Fig 6. Type I IFNs control extra-intestinal spread and replication of simian RRV in MLN, but both IFN types limit simian RRV replication in liver.

Eight-day-old suckling WT (n = 6–8), Ifnar1 ^-/- (n = 6–13), Ifnlr1 ^-/- (n = 6–13) and Ifnar1 ^-/- Ifnlr1 ^-/- (n = 6–13) mice (on C57BL/6J background), and WT (n = 6), Stat1 ^-/- (n = 6–8) and Rag2 ^-/- mice (n = 6–8) (on 129S6/SvEv background) were orally infected with 4x10⁶ FFU RRV. MLN and liver samples were collected at indicated dpi and virus titers were determined by immunohistochemical infectious focus assay and expressed as FFU/g of tissue. The variable sample number (n) reflects the variation of animals per time point. (A and C) Graph of mean kinetics of RRV replication in MLN (A) and liver (C) of suckling mice of indicated strains on C57BL/6J or 129S6/SvEv background. (B and D) Dot plot presentations of RRV titers in MLN (B) and liver (D) of suckling mice of indicated strains on 1, 3, 5 and 8 dpi. Each symbol (B and D) represents an individual mouse; horizontal lines indicate the mean (± SEM).*: significant difference (P < 0.05); **: significant difference (P < 0.01); ***: significant difference (P < 0.001).

Fig 7. Type I and type III IFNs act redundantly during murine EW-RV and simian RRV infection to establish antiviral programs in small intestine.

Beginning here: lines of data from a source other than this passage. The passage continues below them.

Lemma conjc_sum (I : Type) (s : seq I) (P : pred I) (F : I -> R[i]) :
  conjc (\sum_(k <- s | P k) F k) = \sum_(k <- s | P k) conjc (F k).
Proof. by elim/big_rec2: _ => [|k y z _ <-]; rewrite ?conjcD //= oppr0. Qed.

Lemma sqrc_i : 'i%C * 'i%C = -1 :> R[i].
Proof. by simpc. Qed.

Lemma conjc_i : conjc 'i%C = - 'i%C :> R[i].
Proof. by apply/eqP; rewrite eq_complex /= oppr0 !eqxx. Qed.

End ComplexConjugation.

Section HermitianTransport.
Variable R : realFieldType.
Local Open Scope complex_scope.
Local Notation toC := (real_complex R).

Definition adjmx m n (A : 'M[R[i]]_(m, n)) : 'M[R[i]]_(n, m) := map_mx conjc A^T.

Lemma adjmxD m n (A B : 'M[R[i]]_(m, n)) : adjmx (A + B) = adjmx A + adjmx B.
Proof. by apply/matrixP => i j; rewrite !mxE conjcD. Qed.

Lemma adjmxN m n (A : 'M[R[i]]_(m, n)) : adjmx (- A) = - adjmx A.
Proof. by apply/matrixP => i j; rewrite !mxE conjcN. Qed.

Lemma adjmxZ m n c (A : 'M[R[i]]_(m, n)) : adjmx (c *: A) = conjc c *: adjmx A.
Proof. by apply/matrixP => i j; rewrite !mxE conjcM. Qed.

Lemma adjmxM m n p (A : 'M[R[i]]_(m, n)) (B : 'M_(n, p)) :
  adjmx (A *m B) = adjmx B *m adjmx A.
Proof.
apply/matrixP => i j; rewrite !mxE conjc_sum.
by apply: eq_bigr => k _; rewrite !mxE conjcM mulrC.
Qed.

Lemma adjmxK m n (A : 'M[R[i]]_(m, n)) : adjmx (adjmx A) = A.
Proof. by apply/matrixP => i j; rewrite !mxE; case: (A i j) => a b /=; rewrite opprK. Qed.

Variable n : nat.

Definition herm (X : 'M[R]_n) : 'M[R[i]]_n :=
  \matrix_(i, j) ((X i j + X j i) +i* (X i j - X j i)).

Definition unherm (B : 'M[R[i]]_n) : 'M[R]_n :=
  \matrix_(i, j) ((Re (B i j) + Im (B i j)) / 2).

Lemma adjmx_herm X : adjmx (herm X) = herm X.
Proof. by apply/matrixP => i j; rewrite !mxE /= opprB addrC. Qed.

Lemma hermK : cancel herm unherm.
Proof.
by move=> X; apply/matrixP => i j; rewrite !mxE /=; field.
Qed.

Lemma unhermK B : adjmx B = B -> herm (unherm B) = B.
Proof.
move=> /matrixP adjB; apply/matrixP => i j; rewrite !mxE.
have := adjB j i; rewrite !mxE; case: (B i j) (B j i) => a b [_ _] [<- <-] /=.
by congr Complex; field.
Qed.

Lemma hermD X Y : herm (X + Y) = herm X + herm Y.
Proof. by apply/matrixP => i j; rewrite !mxE /=; congr Complex; ring. Qed.

Lemma hermZ a X : herm (a *: X) = a%:C *: herm X.
Proof. by apply/matrixP => i j; rewrite !mxE /=; simpc; congr Complex; ring. Qed.

Lemma unhermD B C : unherm (B + C) = unherm B + unherm C.
Proof.
apply/matrixP => i j; rewrite !mxE.
by case: (B i j) (C i j) => a b [c d] /=; field.
Qed.

Lemma unhermZ a B : unherm (a%:C *: B) = a *: unherm B.
Proof.
apply/matrixP => i j; rewrite !mxE.
by case: (B i j) => b c /=; simpc; field.
Qed.

Section HermitianOperator.
Variable T : {linear 'M[R[i]]_n -> 'M[R[i]]_n}.

Definition herm_op X := unherm (T (herm X)).

Fact herm_op_is_linear : linear herm_op.
Proof. by move=> a X Y; rewrite /herm_op hermD hermZ linearP unhermD unhermZ. Qed.

HB.instance Definition _ := GRing.isLinear.Build R 'M[R]_n 'M[R]_n _ herm_op
  herm_op_is_linear.

End HermitianOperator.


End HermitianTransport.

Lemma Eigen1Vec_squareP (K : fieldType) (d : nat) :
  Eigen1Vec K d <->
  forall n (f : 'M[K]_n), ~~ (d %| n)%N -> exists a, eigenvalue f a.
Proof.
split=> [E1V n f dn|eigen_sq m V dV f fV].
  by apply: (E1V _ 1%:M); rewrite ?mxrank1 ?submx1.
have [a] := eigen_sq _ (restrict V f) dV.
by move=> /(eigenvalue_restrict fV); exists a.
Qed.

Lemma eigenvalue_of_mx (K : fieldType) m n (f : 'M[K]_n) (X : 'M_(m, n)) a :
  X != 0 -> X *m f = a *: X -> eigenvalue f a.
Proof.
move=> X_neq0 Xf; apply/eigenvalueP; exists (nz_row X); last by rewrite nz_row_eq0.
by apply/eigenspaceP; apply: submx_trans (nz_row_sub X) _; apply/eigenspaceP.
Qed.

Lemma eigenvalue_of_quadratic (K : fieldType) m n (f : 'M[K]_n) (X : 'M_(m, n)) r1 r2 :
  X != 0 -> X *m (f - r1%:M) *m (f - r2%:M) = 0 -> exists a, eigenvalue f a.
Proof.
move=> X_neq0; set Y := X *m _ => YfE.
have [Y0|Y_neq0] := eqVneq Y 0; [exists r1 | exists r2]; apply: eigenvalue_of_mx.
- exact: X_neq0.
- by apply/eqP; rewrite -subr_eq0 -mul_mx_scalar -mulmxBr -/Y Y0.
- exact: Y_neq0.
by apply/eqP; rewrite -subr_eq0 -mul_mx_scalar -mulmxBr YfE.
Qed.

Lemma pow2_ndvd_half k n : ~~ odd n -> ~~ (2 ^ k.+2 %| n)%N ->
  ~~ (2 ^ k.+1 %| (n * n.-1)./2)%N.
Proof.
move=> n_even; apply: contra => dvd_half.
have [->|n_gt0] := posnP n; first exact: dvdn0.
have: (2 ^ k.+2 %| n * n.-1)%N.
  rewrite -[(n * n.-1)%N]odd_double_half oddM (negPf n_even) add0n -muln2 expnSr.
  by rewrite dvdn_pmul2r.
rewrite Gauss_dvdl // coprime_pexpl // coprime2n.
by rewrite -[n]prednK // /= in n_even; rewrite negbK in n_even.
Qed.

Section RealClosedComplex.
Variable R : realFieldType.
Hypothesis R_odd_root : forall P : {poly R}, odd (size P).-1 -> exists x, root P x.
Hypothesis R_sqrt : forall x : R, 0 <= x -> exists y, y * y = x.
Local Open Scope complex_scope.

Lemma real_eigen_odd : Eigen1Vec R 2.
Proof.
apply/Eigen1Vec_squareP => n f n_odd; have [|a] := @R_odd_root (char_poly f).
  by rewrite size_char_poly /= -[odd n]negbK -dvdn2.
by rewrite -eigenvalue_root_char; exists a.
Qed.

(A-C) Graph of quantitative RT-PCR detection of (A) RV levels, (B) IFN expression and (C) expression of indicated ISGs in small intestine of RRV-infected WT mice on 1, 2 and 3 dpi and EW-RV-infected WT mice on 2 dpi. Symbols (A-C) duplicate measures from individual mice. (D) Graph of heat map of gene expression in intestinal samples presented as mean fold change in expression in infected mice relative to that of uninfected mice and shown on a 2-log scale. Transcriptional profiling was performed on small intestine samples from RRV and EW-RV-infected WT and single or double IFN receptor-deficient mice. Numbers in the table represent the mean fold change in gene expression on 1, 2 and 3 dpi for RRV, or on 2 dpi for EW-RV-infected, compared to uninfected litters. Changes above 3.0-fold are shown in bold. (n = 12–24 mice per group for RRV and 4–8 mice per group for EW-RV). Replication data in (A) is reformatted from Figs 2 and 4 for comparative purposes. Symbols (A-D) duplicate measures from individual mice. (n = 12–24 mice per group for RRV and 4–8 mice per group for EW-RV).